Mutations in TDP43 occur in 5% of familial ALS.  More to the point cytoplasmic aggregates of TDP43 occur in 95% of sporadic cases of ALS (no mutations), so neurologists have been fascinated with TDP43 for years.

Back before we knew much about the structure of amyloid, it was characterized by the dyes that would bind to it (Congo Red, thioflavin etc.) and birefringence (see below).  None of this is true for the aggregates of TDP43.

Well we now know what the structure of amyloid is.  You simply can’t do better than  Cell vol. 184 pp. 4857 – 4873 ’21 — but it might be behind a paywall.

So here’s the skinny about what amyloid actually is —

 

It is a significantly long polypeptide chain  flattening  out into a 4.8 Angstrom thick sheet, essentially living in 2 dimensions.  Thousands of sheets then pile on top of each other forming amyloid.  So amyloid is not a particular protein, but a type of conformation a protein can assume (like the alpha helices, beta pleated sheets etc. etc. ).

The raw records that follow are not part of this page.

Theorem right_projective_of_prefix :
  right_projective eqv (@kq_add _ _ _ _ K) (@kq_mul _ _ _ _ K)
    (fun x => eqv x (kq_mul idem (kq_mul x idem))) (fun x => eqv x (kq_mul x idem)).
Proof.
exists n, coordR, combR.
split; [|split; [|split; [|split; [|split; [|split; [|split; [|split]]]]]]].
- move=> x _ i; apply: eqv_corner => //; first exact: starts_in_pmap_pdivl.
  exact/ends_in_pmap_pdivl/ends_in_mul/ends_in_idem.
- by move=> x y _ _ xy i; apply/eqv_pmap_pdivl/eqv_mul/eqv_refl.
- move=> x y _ _ i; apply: eqv_eqkq; rewrite /coordR /kq_add /kq_pmap -pmap_cat.
  exact: kq_pmap_eqkq (mulkq_catl _ _ _).
- move=> x b Mx Bb i; rewrite /coordR.
  set b' := kq_mul idem (kq_mul b idem).
  have Sb' : supported (starts_in zs) b' by apply/starts_in_mul/starts_in_idem.
  have Eb' : supported (ends_in zs) b' by apply/ends_in_mul/ends_in_mul/ends_in_idem.
  have xb : eqv (kq_mul (kq_mul x b) idem) (kq_mul (kq_mul x idem) b').
    apply: eqv_trans (eqv_mul (eqv_mul Mx Bb) (eqv_refl _ idem)) _.
    apply/eqv_eqkq/(eqkq_trans (mulkqA _ _ _)).
    exact: mulkq_eqkq (eqkq_refl _) (idem_mulr zs_uniq Eb').
  apply: eqv_trans (eqv_pmap_pdivl _ xb) _.
  apply: eqv_trans (eqv_eqkq _ (kq_pmap_pdivl_mulr _ _ Sb')) _.
  exact: eqv_mul (eqv_refl _ _) (eqv_sym Bb).
- move=> u Bu; set u' := fun i => kq_mul idem (kq_mul (u i) idem).
  have uu' : eqv (combR u) (combR u').
    by apply: eqv_flatten => i; apply/eqv_mul/Bu/eqv_refl.
  have Eu' : supported (ends_in zs) (combR u').
    by apply: supported_flatten => i; apply/ends_in_mul/ends_in_mul/ends_in_mul/ends_in_idem.
  apply: (eqv_trans uu'); apply: eqv_trans (eqv_eqkq _ (eqkq_sym (idem_mulr zs_uniq Eu'))) _.
  exact: eqv_mul (eqv_sym uu') (eqv_refl _ _).
- by move=> u v _ _ uv; apply: eqv_flatten => i; apply/eqv_mul/uv/eqv_refl.
- move=> u v _ _; apply: eqv_eqkq; rewrite /combR /kq_add.
  apply: eqkq_trans (eqkq_flatten _ (fun i => mulkq_catr _ _ _)) _.
  apply: eqkq_pair => F; rewrite kq_pair_cat !kq_pair_flatten !big_map -big_split.
  by apply: eq_bigr => i _; rewrite kq_pair_cat.
- move=> u b _ _; apply: eqv_eqkq; rewrite /combR.
  apply: eqkq_trans (eqkq_flatten _ (fun i => eqkq_sym (mulkqA _ _ _))) _.
  by apply: eqkq_sym; apply: eqkq_trans (mulkq_flattenl _ _) _; rewrite -map_comp.
- by move=> x Mx; apply: eqv_trans (eqv_eqkq _ (combR_coordR x)) (eqv_sym Mx).
Qed.

End RightProjective.

Section LeftProjective.
Variables (V E : finType) (s t : E -> V) (K : fieldType).
Variables (m : nat) (G : 'I_m -> kq s t K) (zs : seq V) (d : V -> qpath s t).
Hypotheses (zs_uniq : uniq zs) (G_ends : forall j, supported (ends_in zs) (G j)).
Hypotheses (d_end : forall w, pend (d w) = w) (d_start : forall w, pstart (d w) \in zs).
Hypothesis d_suffix : forall r, pstart r \in zs -> exists z, pmul z (d (pend r)) = Some r.
Local Notation qp := (qpath s t).
Local Notation kq := (kq s t K).
Local Notation ideal := (inIdeal predT G).
Local Notation eqv := (eqv G).
Local Notation idem := (idem s t K zs).
Local Open Scope ring_scope.
Implicit Types (x y : kq) (a b r z : qp).

Lemma pdivr_mull w a b : pend b \in zs ->
  obind (pdivr (d w)) (pmul b a) = obind (pmul b) (pdivr (d w) a).
Proof.
move=> bz; case da: (pdivr (d w) a) => [z|] /=.
  have zd := pdivr_some da; have [zd_end _ _] := pmul_some zd.
  have := pmulA b z (d w); rewrite zd /= => <-.
  case bz': (pmul b z) => [y|] //=.
  case yd: (pmul y (d w)) => [r|] /=; first exact: pdivr_mul yd.
  by move: yd; case: pmulP => // -[]; rewrite (pmul_pend bz').
case ba: (pmul b a) => [r|] //=; case rd: (pdivr (d w) r) => [y|] //.
have [ba_end _ _] := pmul_some ba; have rw := pmul_pend (pdivr_some rd).
have [z zd] : exists z, pmul z (d (pend a)) = Some a by apply: d_suffix; rewrite -ba_end.
by move: da; rewrite -(pmul_pend ba) rw d_end in zd; rewrite (pdivr_mul zd).
Qed.

Lemma kq_pmap_pdivr_mull w x y : supported (ends_in zs) x ->
  eqkq (kq_pmap (pdivr (d w)) (kq_mul x y)) (kq_mul x (kq_pmap (pdivr (d w)) y)).
Proof.
move=> Ex; apply: eqkq_pair => F; rewrite kq_pair_pmap !kq_pair_mul.
apply: (eq_kq_pair_supported Ex) => b Eb; rewrite kq_pair_pmap.
by apply: eq_kq_pair => a; rewrite !oapp_obind pdivr_mull.
Qed.

Lemma ideal_pmap_pdivr w x : ideal x -> ideal (kq_pmap (pdivr (d w)) x).
Proof.
case/idealP => l xl; apply: ideal_eqkq (kq_pmap_eqkq _ xl) _.
apply: ideal_eqkq (kq_pmap_flatten _ _) _; rewrite -map_comp.
apply: ideal_flatten_map => -[[[k p] j] q]; rewrite /gterm /=.
apply: ideal_eqkq (kq_pmap_pdivr_mull _ _ (ends_in_mul _ (G_ends j))) _.
rewrite /kq_pmap /=; case: (pdivr (d w) q) => [q'|] /=.
  exact: ideal_gterm G (k, p, j, q').
exact: ideal_eqkq (mulkq0 _) (ideal_nil G).
Qed.

Lemma eqv_pmap_pdivr w x y : eqv x y ->
  eqv (kq_pmap (pdivr (d w)) x) (kq_pmap (pdivr (d w)) y).
Proof. by move/(ideal_pmap_pdivr w); apply: ideal_eqkq; apply: eqkq_sym; apply: kq_pmapB. Qed.

Lemma pdivr_d_none w r : pend r != w -> pdivr (d w) r = None.
Proof.
move=> rw; case rd: pdivr => [z|] //; case/negP: rw.
by rewrite (pmul_pend (pdivr_some rd)) d_end.
Qed.

Lemma ends_in_pmap_pdivr w x : supported (ends_in zs) (kq_pmap (pdivr (d w)) x).
Proof.
apply: supported_pmap (supportedT x) _ => a z _ /pdivr_some /pmul_some [zd _ _].
by rewrite /ends_in zd d_start.
Qed.

Lemma starts_in_pmap_pdivr w x : supported (starts_in zs) x ->
  supported (starts_in zs) (kq_pmap (pdivr (d w)) x).
Proof.
move=> Sx; apply: supported_pmap Sx _ => a z Sa /pdivr_some /pmul_some [_ az _].
by rewrite /starts_in -az.
Qed.

Let n := #|V|.

Definition coordL x (i : 'I_n) : kq := kq_pmap (pdivr (d (enum_val i))) (kq_mul idem x).

Definition combL (u : 'I_n -> kq) : kq :=
  flatten [seq kq_mul (u i) (kq_path K (d (enum_val i))) | i <- enum 'I_n].

Lemma combL_coordL x : eqkq (combL (coordL x)) (kq_mul idem x).
Proof.
apply: eqkq_pair => F; rewrite /combL kq_pair_flatten big_map.
under eq_bigr do rewrite kq_pair_mul /coordL kq_pair_pmap.
rewrite -kq_pair_sum.
apply: (eq_kq_pair_supported (starts_in_mul _ (starts_in_idem _ _ _ _))) => r Sr.
rewrite big_enum /= -(big_enum_val (fun w => oapp (fun a =>
  kq_pair (kq_path K (d w)) (fun b => oapp F 0 (pmul a b))) 0 (pdivr (d w) r))) /=.
have [z zd] := d_suffix Sr.
rewrite (bigD1 (pend r)) //= (pdivr_mul zd) /= kq_pair_path zd big1 ?addr0 // => w rw.
by rewrite pdivr_d_none // eq_sym.
Qed.

Theorem left_projective_of_suffix :
  left_projective eqv (@kq_add _ _ _ _ K) (@kq_mul _ _ _ _ K)
    (fun x => eqv x (kq_mul idem (kq_mul x idem))) (fun x => eqv x (kq_mul idem x)).
Proof.
exists n, coordL, combL.
split; [|split; [|split; [|split; [|split; [|split; [|split; [|split]]]]]]].
- move=> x _ i; apply: eqv_corner => //; last exact: ends_in_pmap_pdivr.
  exact/starts_in_pmap_pdivr/starts_in_mul/starts_in_idem.
- by move=> x y _ _ xy i; apply/eqv_pmap_pdivr/eqv_mul/xy/eqv_refl.
- move=> x y _ _ i; apply: eqv_eqkq; rewrite /coordL /kq_add /kq_pmap -pmap_cat.
  exact: kq_pmap_eqkq (mulkq_catr _ _ _).
- move=> x b Mx Bb i; rewrite /coordL.
  set b' := kq_mul idem (kq_mul b idem).
  have Sb' : supported (starts_in zs) b' by apply/starts_in_mul/starts_in_idem.
  have Eb' : supported (ends_in zs) b' by apply/ends_in_mul/ends_in_mul/ends_in_idem.
  have bx : eqv (kq_mul idem (kq_mul b x)) (kq_mul b' (kq_mul idem x)).
    apply: eqv_trans (eqv_mul (eqv_refl _ idem) (eqv_mul Bb Mx)) _.
    apply/eqv_eqkq/(eqkq_trans (eqkq_sym (mulkqA _ _ _))).
    exact: mulkq_eqkq (idem_mull zs_uniq Sb') (eqkq_refl _).
  apply: eqv_trans (eqv_pmap_pdivr _ bx) _.
  apply: eqv_trans (eqv_eqkq _ (kq_pmap_pdivr_mull _ _ Eb')) _.
  exact: eqv_mul (eqv_sym Bb) (eqv_refl _ _).
- move=> u Bu; set u' := fun i => kq_mul idem (kq_mul (u i) idem).
  have uu' : eqv (combL u) (combL u').
    by apply: eqv_flatten => i; apply/eqv_mul/eqv_refl/Bu.
  have Su' : supported (starts_in zs) (combL u').
    by apply: supported_flatten => i; apply/starts_in_mul/starts_in_mul/starts_in_idem.
  apply: (eqv_trans uu'); apply: eqv_trans (eqv_eqkq _ (eqkq_sym (idem_mull zs_uniq Su'))) _.
  exact: eqv_mul (eqv_refl _ _) (eqv_sym uu').
- by move=> u v _ _ uv; apply: eqv_flatten => i; apply/eqv_mul/eqv_refl/uv.
- move=> u v _ _; apply: eqv_eqkq; rewrite /combL /kq_add.
  apply: eqkq_trans (eqkq_flatten _ (fun i => mulkq_catl _ _ _)) _.
  apply: eqkq_pair => F; rewrite kq_pair_cat !kq_pair_flatten !big_map -big_split.
  by apply: eq_bigr => i _; rewrite kq_pair_cat.
- move=> u b _ _; apply: eqv_eqkq; rewrite /combL.
  apply: eqkq_trans (eqkq_flatten _ (fun i => mulkqA _ _ _)) _.
  by apply: eqkq_sym; apply: eqkq_trans (mulkq_flattenr _ _) _; rewrite -map_comp.
- by move=> x Mx; apply: eqv_trans (eqv_eqkq _ (combL_coordL x)) (eqv_sym Mx).
Qed.

End LeftProjective.

Section StretchedQuiver.
Variables (V E : finType) (s t : E -> V) (B : nat).
Local Notation SV := (sV V E B.+1).
Local Notation SE := (sE E B.+1).
Local Notation ss := (@ss V E s B.+1).
Local Notation st := (@st V E t B.+1).
Local Notation qp := (qpath ss st).
Implicit Types (al : E) (w : SV) (l : seq SE).

(* [pos al k] is the vertex reached after [k] steps along the stretched arrow [al]. *)
Definition pos al k : SV :=
  if k is k'.+1 then if insub k' is Some j then inr (al, j) else inl (t al)
  else inl (s al).

Lemma ssE al i : ss (al, i) = pos al i.
Proof.
rewrite /ss /=; case: unliftP => [j ->|->] //.
by rewrite lift0 /= insubT //= => ?; congr (inr (_, _)); apply: val_inj.
Qed.

Lemma stE al i : st (al, i) = pos al i.+1.
Proof.
rewrite /st /=; case: unliftP => [j ->|->] /=.
  rewrite /bump leqNgt ltn_ord add0n insubT //= => ?.
  by congr (inr (_, _)); apply: val_inj.
by rewrite insubF // ltnn.
Qed.

Lemma pos_inr al (j : 'I_B) : pos al j.+1 = inr (al, j).
Proof. by rewrite /= insubT //= => ?; congr (inr (_, _)); apply: val_inj. Qed.

Lemma pos_max al : pos al B.+1 = inl (t al).
Proof. by rewrite /= insubF // ltnn. Qed.

Lemma pos_inner al k : 0 < k <= B -> exists j : 'I_B, pos al k = inr (al, j) /\ val j = k.-1.
Proof.
case: k => // k /andP [_ kB]; exists (Ordinal kB).
by split; first exact: (pos_inr al (Ordinal kB)).
Qed.

Lemma pos_inj be al i k : 0 < k <= B -> pos be i = pos al k -> be = al /\ i = k.
Proof.
move=> kB; have [j [-> jk]] := pos_inner al kB.
case: i => [|i] //=; case: insubP => // j' _ j'i [<- jj']; split=> //.
by case: k kB jk => // k _ /= <-; rewrite -j'i jj'.
Qed.

Definition seg al i n : seq SE := [seq (al, inord k) | k <- iota i n].

Lemma seg_rcons al n : seg al 0 n.+1 = rcons (seg al 0 n) (al, inord n).
Proof. by rewrite /seg -[n.+1]addn1 iotaD map_cat cats1. Qed.

Lemma walk_seg al i n : i + n <= B.+1 ->
  walk ss st (pos al i) (seg al i n) /\ last (pos al i) (map st (seg al i n)) = pos al (i + n).
Proof.
elim: n i => [|n IH] i iB /=; first by rewrite addn0.
have [|IHw IHl] := IH i.+1; first by rewrite addSnnS.
rewrite ssE stE inordK; last lia.
by rewrite eqxx IHw IHl addSnnS.
Qed.

Lemma seg_prefix al k l : 0 < k <= B.+1 -> walk ss st (pos al k) l ->
  (exists v, last (pos al k) (map st l) = inl v) ->
  exists l', l = seg al k (B.+1 - k) ++ l'.
Proof.
move=> kB; have [n nk] : exists n, B.+1 - k = n by exists (B.+1 - k).
rewrite nk; elim: n k l kB nk => [|n IH] k l kB nk wl lv; first by exists l.
have kB' : 0 < k <= B by lia.
case: l => [|a l] /= in wl lv *.
  by case: lv => v; have [j [->]] := pos_inner al kB'.
case: a => be i in wl lv *; case/andP: wl => /eqP sa wl; rewrite ssE in sa.
have [? ik] := pos_inj kB' sa; subst be; rewrite stE ik in wl lv.
have -> : i = inord k by apply: val_inj; rewrite /= inordK ?ik //; lia.
by have [||l' ->] := IH k.+1 l _ _ wl lv; try lia; exists l'.
Qed.

Lemma seg_suffix al k v0 l : 0 < k <= B -> walk ss st (inl v0) l ->
  last (inl v0) (map st l) = pos al k -> exists l0, l = l0 ++ seg al 0 k.
Proof.
elim: k l => [|k IH] l // kB; case/lastP: l => [|l [be i]].
  by move=> _ lv; have [j [lj _]] := pos_inner al kB; rewrite lj in lv.
rewrite walk_rcons map_rcons last_rcons stE => /andP [wl /eqP sa] lv.
have [? [ik]] := pos_inj kB lv; subst be; rewrite seg_rcons.
have -> : i = inord k by apply: val_inj; rewrite /= inordK ?ik //; lia.
have [->|k0] := posnP k; first by exists l; rewrite cats1.
have [||l0 ->] := IH l _ wl; [lia | by rewrite -sa ssE ik | by exists l0; rewrite rcons_cat].
Qed.

Definition orig : seq SV := map inl (enum V).

Lemma orig_uniq : uniq orig.
Proof. by rewrite map_inj_uniq ?enum_uniq // => ? ? []. Qed.

Lemma mem_orig w : (w \in orig) = if w is inl _ then true else false.
Proof.
by case: w => [v|x]; [rewrite mem_map ?mem_enum // => ? ? [] | apply/mapP => -[]].
Qed.

Definition fwd w : seq SE := if w is inr (al, j) then seg al j.+1 (B - j) else [::].
Definition fwd_path w : qp := insubd (ev ss st w) (w, fwd w).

The structure also explained why planar molecules like Congo Red bind to amyloid (it slips between the sheets).   Or at least that’s what I thought.

 

Enter Nature vol. 601 pp. 29 – 30, 139 – 143 ’22 showing that some 79 amino acids of the 414 amino acids of TDP43 flatten out into single sheet in the aggregates, with the sheets piling on top of each other.  If that isn’t amyloid, what is?

 

Where are the beta strands producing birefringence if this is amyloid.  In fact where is the birefringence? (see below). The paper says that there are 10 beta strands in the 79 amino acids, but they are short with only two of them containing more than 3 amino acids (I guess they can see beta strands by measuring backbone angles a la Ramachandran plots).  The high number of glycine mediated turns prevents beta sheets from stacking next to each other precluding the crossBeta  structure (and birefringence).

 

Why doesn’t Congo Red bind?  My idea about how it binds to other amyloids (slipping between the sheets) clearly is incorrect.

 

There are all sorts of fascinating points about the amyloid of TDP43.  The filaments derived from patients are stable to heating to 65 C.   The structure of the TDP43 fibrils derived from patients with FTD/ALS are quite different in structure from synthetic filaments made from parts of TDP43, so possibly a lot of work will have to be done again.

 

Here is some more detail on amyloid structure:

 

So start with NH – CO – CHR.  NH  CO and C in the structure all lie in the same plane (the H and the side chain of the amino acid < R >  project out of the plane).
Here’s a bit of elaboration for those of you whose organic chemistry is a distant memory.  The carbon in the carbonyl bond (CO) has 3 bonding orbitals in one plane 120 degrees apart, with the 4th orbital perpendicular to the plane — this is called sp2 hybridization.  The nitrogen can also be hybridized to sp2.  This lets the pair of electrons above the plane roam around moving toward the carbon.  Why is this good?  Because any time you let electrons roam around you increase their entropy (S) and anything increasing entropy lowers their free energy (F)which is given by the formula F = H – TS where H is enthalpy (a measure of bond strength, and T is the absolute temperature in Kelvin.

 

So N and CO are in one plane, and so are the bonds from  N and C to the adacent atoms (C in both cases).

 

You can fit the plane atoms into a  rectangle 4.8 Angstroms high.  Well that’s one 2 dimensional rectangle, but the peptide bond between NH and CO in adjacent rectangles allows you to tack NH – CO – C s together while keeping them in a 3 dimensional parallelopiped 4.8 Angstroms high

 

Notice that in the rectangle the NH and CO bonds are projecting toward the top and bottom of the rectangle, which means that in each plane  NH – CO – CHR s, the NH and CO are pointing out of the 2 dimensional plane (and in opposite directions to boot). This is unlike protein structure in which the backbone NHs and COs hydrogen bond to each other.  There is nothing in this structure for them to bond to

 

What they do is hydrogen bond to another 3 dimensional parallelopiped (call it a sheet, but keep in mind that this is NOT the beta sheet you know about from the 3 dimensional structures of proteins we’ve had for years).
So thousands of sheets stacked together form the amyloid fibril.

 

Where does the 9 Angstrom reflection of cross beta (and birefringence) come from?  Consider the  [ NH – CHR – CO ]  backbone as it lies in the 4.8  thick plane (Having studied proteins structure since entering med school in ’62, I never thought such a thing would even be possible ! ).  It curves around like a snake lying flat.  Where are the side chains?  They are in the 4.8 thick plane, separating parts of the meandering backbone from each other — by an average of 9 Angstroms.
Here is an excellent picture of the Alzheimer culprit — the aBeta42 peptide as it forms the amyloid of the senile plaque
You can see the meandering backbone and the side chains keeping the backbone apart.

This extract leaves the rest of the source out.